** Opening Task input block **
From HB Require Import structures.
From mathcomp Require Import all_boot all_order all_algebra.
From mathcomp Require Import complex.
From mathcomp Require Import boolp classical_sets reals.
From mathcomp Require Import ring.
From Stdlib Require Import ClassicalEpsilon.

(* Let E^perp <= Y^dual be the annihilator of E.  A nonzero functional vanishing on E + X
   lies both in E^perp and in the kernel of F^dual, so F^dual is not injective on E^perp and
   the pulled-back section vanishes there: (F_* xi)(E) is a_E applied to the zero measure.
   That a_E(0) = 0 is the real content.  a_E(0) is pinned down by the factorisations
   rho(Lam) = sigma(Lam /\ E) tau(image of Lam) of a Haar measure rho on Y along
   0 -> E -> Y -> Y/E, and such a factorisation exists for every nonzero Haar measure sigma
   on E, in particular for a_E(0) itself were it nonzero.  To build tau, one shows that every
   lattice of Y has a basis adapted to E (Gaussian elimination over O, pivoting on entries of
   maximal absolute value), that indices of lattices in the same space are finite and
   multiply along the exact sequence, and then sets tau(T) = rho(Lam) / sigma(Lam /\ E) for
   any lattice Lam above T. *)

Set Implicit Arguments.
Unset Strict Implicit.
Unset Printing Implicit Defensive.

Import Order.TTheory GRing.Theory Num.Theory.
Local Open Scope ring_scope.
Local Open Scope classical_set_scope.

Lemma linfunE_lin (K : fieldType) (aT rT : vectType K) (f : aT -> rT) :
  linear f -> linfun f =1 f.
Proof.
move=> lf v.
pose ff : {linear aT -> rT} := HB.pack f (GRing.isLinear.Build _ _ _ _ f lf).
exact: (lfunE ff v).
Qed.

Lemma size_basis_of (K : fieldType) (W : vectType K) (U : {vspace W}) X :
  basis_of U X -> size X = \dim U.
Proof. by move=> hb; rewrite -(span_basis hb); move: (basis_free hb) => /eqnP ->. Qed.

Lemma map_lift (A B : eqType) (P : A -> Prop) (f : A -> B) (s : seq B) :
  (forall t, t \in s -> exists2 w, P w & f w = t) ->
  exists2 ws, map f ws = s & forall w, w \in ws -> P w.
Proof.
elim: s => [|t s IH] h; first by exists [::].
have [ws <- Pws] : exists2 ws, map f ws = s & forall w, w \in ws -> P w.
  by apply: IH => t' ht'; apply: h; rewrite inE ht' orbT.
have [w Pw <-] := h t (mem_head _ _).
by exists (w :: ws) => // w'; rewrite inE => /orP[/eqP ->|/Pws].
Qed.

Lemma map_uniq_inj_in (A B : eqType) (f : A -> B) (s : seq A) :
  uniq (map f s) -> {in s &, injective f}.
Proof.
elim: s => [|x s IH] //= /andP [hx hu] y z.
rewrite !inE => /orP [/eqP ->|hy] /orP [/eqP ->|hz] // hf.
- by move: hx; rewrite hf map_f.
- by move: hx; rewrite -hf map_f.
- exact: IH.
Qed.

Lemma exists_seq_argmax (T : eqType) d (O : orderType d) (f : T -> O) (s : seq T) :
  s != [::] -> exists2 h, h \in s & forall x, x \in s -> (f x <= f h)%O.
Proof.
elim: s => [|y s IH] // _.
have [->|sn] := eqVneq s [::].
  by exists y; rewrite ?mem_head // => x; rewrite inE => /eqP ->.
have [h hs hm] := IH sn.
have [le|lt] := leP (f h) (f y).
  exists y; first exact: mem_head.
  by move=> x; rewrite inE => /orP [/eqP ->//|/hm hx]; apply: le_trans le.
exists h; first by rewrite inE hs orbT.
by move=> x; rewrite inE => /orP [/eqP ->|/hm //]; apply: ltW.
Qed.

Lemma lfun_span_eq0 (K : fieldType) (V : vectType K) (g : 'Hom(V, K^o)) (b : seq V) v :
  (forall x, x \in b -> g x = 0) -> v \in <<b>>%VS -> g v = 0.
Proof.
move=> hb hv; have : (<<b>> <= lker g)%VS by apply/span_subvP => x /hb h; rewrite memv_ker h.
by move/subvP/(_ v hv); rewrite memv_ker => /eqP.
Qed.

(** * Indices of subgroups *)

Section Index.
Variables (K : fieldType) (V : vectType K).

Definition zmod_set (L : set V) := L 0 /\ forall x y, L x -> L y -> L (x - y).

Lemma zmod_setN L x : zmod_set L -> L x -> L (- x).
Proof. by move=> [L0 LB] Lx; rewrite -sub0r; apply: LB. Qed.

Lemma zmod_setD L x y : zmod_set L -> L x -> L y -> L (x + y).
Proof. by move=> hL Lx Ly; rewrite -[y]opprK; apply: hL.2 => //; apply: zmod_setN. Qed.

Definition covers (L L' : set V) (s : seq V) :=
  (forall x, x \in s -> L x) /\ (forall x, L x -> exists2 y, y \in s & L' (x - y)).

Lemma covers_sub L L' L'' s : L' `<=` L'' -> covers L L' s -> covers L L'' s.
Proof. by move=> h [h1 h2]; split => // x /h2 [y hy /h]; exists y. Qed.

Lemma covers_trans A B C s t : B `<=` A -> (forall x y, A x -> A y -> A (x + y)) ->
  covers A B s -> covers B C t -> covers A C [seq y + z | y <- s, z <- t].
Proof.
move=> BA hA [s1 s2] [t1 t2]; split.
  by move=> x /allpairsP [[y z] /= [hy hz ->]]; apply: hA; [apply: s1 | apply/BA/t1].
move=> x /s2 [y hy /t2 [z hz hC]]; exists (y + z); first by apply/allpairsP; exists (y, z).
by rewrite opprD addrA.
Qed.

Lemma lindexP (L L' : set V) n : L' 0 ->
  lindex L L' n <-> exists s, [/\ size s = n, uniq s, (forall x, x \in s -> L x),
     (forall x y, x \in s -> y \in s -> L' (x - y) -> x = y) &
     (forall x, L x -> exists2 y, y \in s & L' (x - y))].
Proof.
move=> h0; split.
  move=> [s [hs h1 h2 h3]]; exists s; split => //.
  - apply/(uniqP 0) => i j; rewrite !inE => hi hj he.
    by apply: h2; rewrite -?hs // he subrr.
  - by move=> x /(nthP 0) [i hi <-]; apply: h1; rewrite -hs.
  - by move=> x y /(nthP 0) [i hi <-] /(nthP 0) [j hj <-] /h2 -> //; rewrite -hs.
  - by move=> x /h3 [i hi hx]; exists s`_i => //; apply: mem_nth; rewrite hs.
move=> [s [hs hu h1 h2 h3]]; exists s; split => //.
- by move=> i hi; apply: h1; apply: mem_nth; rewrite hs.
- move=> i j hi hj /h2 he; apply/eqP; rewrite -(nth_uniq 0 _ _ hu) ?hs //.
  by rewrite he ?mem_nth ?hs.
- move=> x /h3 [y hy hx]; exists (index y s); first by rewrite -hs index_mem.
  by rewrite nth_index.
Qed.

Lemma incongruent_subseq L' (s : seq V) : zmod_set L' ->
  exists t, [/\ uniq t, {subset t <= s},
    (forall x y, x \in t -> y \in t -> L' (x - y) -> x = y) &
    (forall y, y \in s -> exists2 z, z \in t & L' (y - z))].
Proof.
move=> hL'; elim: s => [|x s [t [tu ts tpw tc]]]; first by exists [::].
have [[z zt hz]|nz] := pselect (exists2 z, z \in t & L' (x - z)).
  exists t; split => [//|y /ts|//|y]; first by rewrite inE => ->; rewrite orbT.
  by rewrite inE => /orP [/eqP ->|/tc //]; exists z.
exists (x :: t); split.
- rewrite /= tu andbT; apply/negP => xt.
  by case: nz; exists x; rewrite // subrr; case: hL'.
- by move=> y; rewrite !inE => /orP [->|/ts ->] //; rewrite orbT.
- move=> y y'; rewrite !inE => /orP[/eqP->|yt] /orP[/eqP->|y't] // hyy.
  + by case: nz; exists y'.
  + by case: nz; exists y; rewrite // -opprB; apply: zmod_setN.
  + exact: tpw.
- move=> y; rewrite inE => /orP [/eqP ->|/tc [z zt hz]].
    by exists x; rewrite ?mem_head // subrr; case: hL'.
  by exists z => //; rewrite inE zt orbT.
Qed.

Lemma covers_lindex L L' s : zmod_set L' -> covers L L' s -> exists n, lindex L L' n.
Proof.
move=> hL' [sL s_cover]; have [t [tu ts tpw tc]] := incongruent_subseq s hL'.
exists (size t); apply/(lindexP _ _ hL'.1).
exists t; split => // [x /ts/sL //|x /s_cover [y ys hy]].
have [z zt hz] := tc y ys; exists z => //.
by have := zmod_setD hL' hy hz; rewrite addrA subrK.
Qed.

Lemma lindex_gt0 (L L' : set V) n : L 0 -> lindex L L' n -> (0 < n)%N.
Proof. by move=> h0 [s [_ _ _ /(_ 0 h0) [i hi _]]]; apply: leq_ltn_trans hi. Qed.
** Closing Task input block **
The problem → Output the listing verbatim through the "have [w Pw <-] := h t (mem_head _ _)." line.

Solution →
From HB Require Import structures.
From mathcomp Require Import all_boot all_order all_algebra.
From mathcomp Require Import complex.
From mathcomp Require Import boolp classical_sets reals.
From mathcomp Require Import ring.
From Stdlib Require Import ClassicalEpsilon.

(* Let E^perp <= Y^dual be the annihilator of E.  A nonzero functional vanishing on E + X
   lies both in E^perp and in the kernel of F^dual, so F^dual is not injective on E^perp and
   the pulled-back section vanishes there: (F_* xi)(E) is a_E applied to the zero measure.
   That a_E(0) = 0 is the real content.  a_E(0) is pinned down by the factorisations
   rho(Lam) = sigma(Lam /\ E) tau(image of Lam) of a Haar measure rho on Y along
   0 -> E -> Y -> Y/E, and such a factorisation exists for every nonzero Haar measure sigma
   on E, in particular for a_E(0) itself were it nonzero.  To build tau, one shows that every
   lattice of Y has a basis adapted to E (Gaussian elimination over O, pivoting on entries of
   maximal absolute value), that indices of lattices in the same space are finite and
   multiply along the exact sequence, and then sets tau(T) = rho(Lam) / sigma(Lam /\ E) for
   any lattice Lam above T. *)

Set Implicit Arguments.
Unset Strict Implicit.
Unset Printing Implicit Defensive.

Import Order.TTheory GRing.Theory Num.Theory.
Local Open Scope ring_scope.
Local Open Scope classical_set_scope.

Lemma linfunE_lin (K : fieldType) (aT rT : vectType K) (f : aT -> rT) :
  linear f -> linfun f =1 f.
Proof.
move=> lf v.
pose ff : {linear aT -> rT} := HB.pack f (GRing.isLinear.Build _ _ _ _ f lf).
exact: (lfunE ff v).
Qed.

Lemma size_basis_of (K : fieldType) (W : vectType K) (U : {vspace W}) X :
  basis_of U X -> size X = \dim U.
Proof. by move=> hb; rewrite -(span_basis hb); move: (basis_free hb) => /eqnP ->. Qed.

Lemma map_lift (A B : eqType) (P : A -> Prop) (f : A -> B) (s : seq B) :
  (forall t, t \in s -> exists2 w, P w & f w = t) ->
  exists2 ws, map f ws = s & forall w, w \in ws -> P w.
Proof.
elim: s => [|t s IH] h; first by exists [::].
have [ws <- Pws] : exists2 ws, map f ws = s & forall w, w \in ws -> P w.
  by apply: IH => t' ht'; apply: h; rewrite inE ht' orbT.
have [w Pw <-] := h t (mem_head _ _).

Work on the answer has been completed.